BEGIN Records supplied

(* Let $f\colon S^1\to S^1$ be a self-transverse smooth map, let $J$ be an arc in the range whose endpoints $x,y$ are regular values of $f$, and suppose that $J_+$ is a positive arc and $J_-$ a negative arc in $f^{-1}(J)$. Then there exists an embedded path $p\colon(I,\partial I)\to(S^1,f^{-1}(x))$ which either starts with $J_+$ and ends with some negative arc $J'_-$ of $f^{-1}(J)$, or starts with $J_-$ and ends with some positive arc $J'_+$ of $f^{-1}(J)$, such that $f\circ p\colon(I,\partial I)\to(S^1,\{x\})$ factors through $(\mathbb{R},\{0\})$ (i.e. lifts to the universal cover $\mathbb{R}\to S^1$ with both endpoints going to $0$).
   Context: Orient both circles. For an arc $J$ in the range transverse to $f$, an orientation of $J$ induces an orientation of $f^{-1}(J)$ via the co-orientation. A component $C$ of $f^{-1}(J)$ is a positive (resp. negative) arc if $f|_C\colon(C,\partial C)\to(J,\partial J)$ has degree $+1$ (resp. $-1$). ''Starts with $J_+$'' means $J_+$ is an initial subarc of the path $p$ (beginning at its endpoint in $f^{-1}(x)$), and ''ends with $J'_-$'' means $J'_-$ is a terminal subarc of $p$. *)

From Stdlib Require Import Reals ZArith.
From Coquelicot Require Import Coquelicot.
Open Scope R_scope.

(* The circle S^1 = R / Z.  A real number t represents the point [t]. *)
Definition cong (s t : R) : Prop := exists k : Z, t = s + IZR k.

(* A smooth map f : S^1 -> S^1 is given by a smooth lift F : R -> R with
   F (t + 1) = F t + d for some integer d (the degree); f [t] = [F t]. *)
Definition smooth_circle_map (F : R -> R) : Prop :=
  (forall (n : nat) (t : R), ex_derive_n F n t) /\
  exists d : Z, forall t, F (t + 1) = F t + IZR d.

Definition regular_value (F : R -> R) (x : R) : Prop :=
  forall t, cong (F t) x -> Derive F t <> 0.

(* f is self-transverse: f x f : S^1 x S^1 -> S^1 x S^1 is transverse to the
   diagonal away from the diagonal, i.e. no two distinct points with the same
   image are both critical. *)
Definition self_transverse (F : R -> R) : Prop :=
  forall s t, ~ cong s t -> cong (F s) (F t) ->
    Derive F s = 0 -> Derive F t = 0 -> False.

(* The arc J in the range is the image of [a,b] (a < b < a + 1), oriented
   from x = [a] to y = [b]. *)
Definition proper_arc (a b : R) : Prop := a < b < a + 1.

Definition inJ (a b : R) (y : R) : Prop :=
  exists k : Z, a + IZR k <= y <= b + IZR k.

END Records supplied

▸ Exercise details
With both ends included, please retype exactly the lines from the line containing "(forall (n : nat)" to the final line of the data.

▸ Exercise result
  (forall (n : nat) (t : R), ex_derive_n F n t) /\
  exists d : Z, forall t, F (t + 1) = F t + IZR d.

Definition regular_value (F : R -> R) (x : R) : Prop :=
  forall t, cong (F t) x -> Derive F t <> 0.

(* f is self-transverse: f x f : S^1 x S^1 -> S^1 x S^1 is transverse to the
   diagonal away from the diagonal, i.e. no two distinct points with the same
   image are both critical. *)
Definition self_transverse (F : R -> R) : Prop :=
  forall s t, ~ cong s t -> cong (F s) (F t) ->
    Derive F s = 0 -> Derive F t = 0 -> False.

(* The arc J in the range is the image of [a,b] (a < b < a + 1), oriented
   from x = [a] to y = [b]. *)
Definition proper_arc (a b : R) : Prop := a < b < a + 1.

Definition inJ (a b : R) (y : R) : Prop :=
  exists k : Z, a + IZR k <= y <= b + IZR k.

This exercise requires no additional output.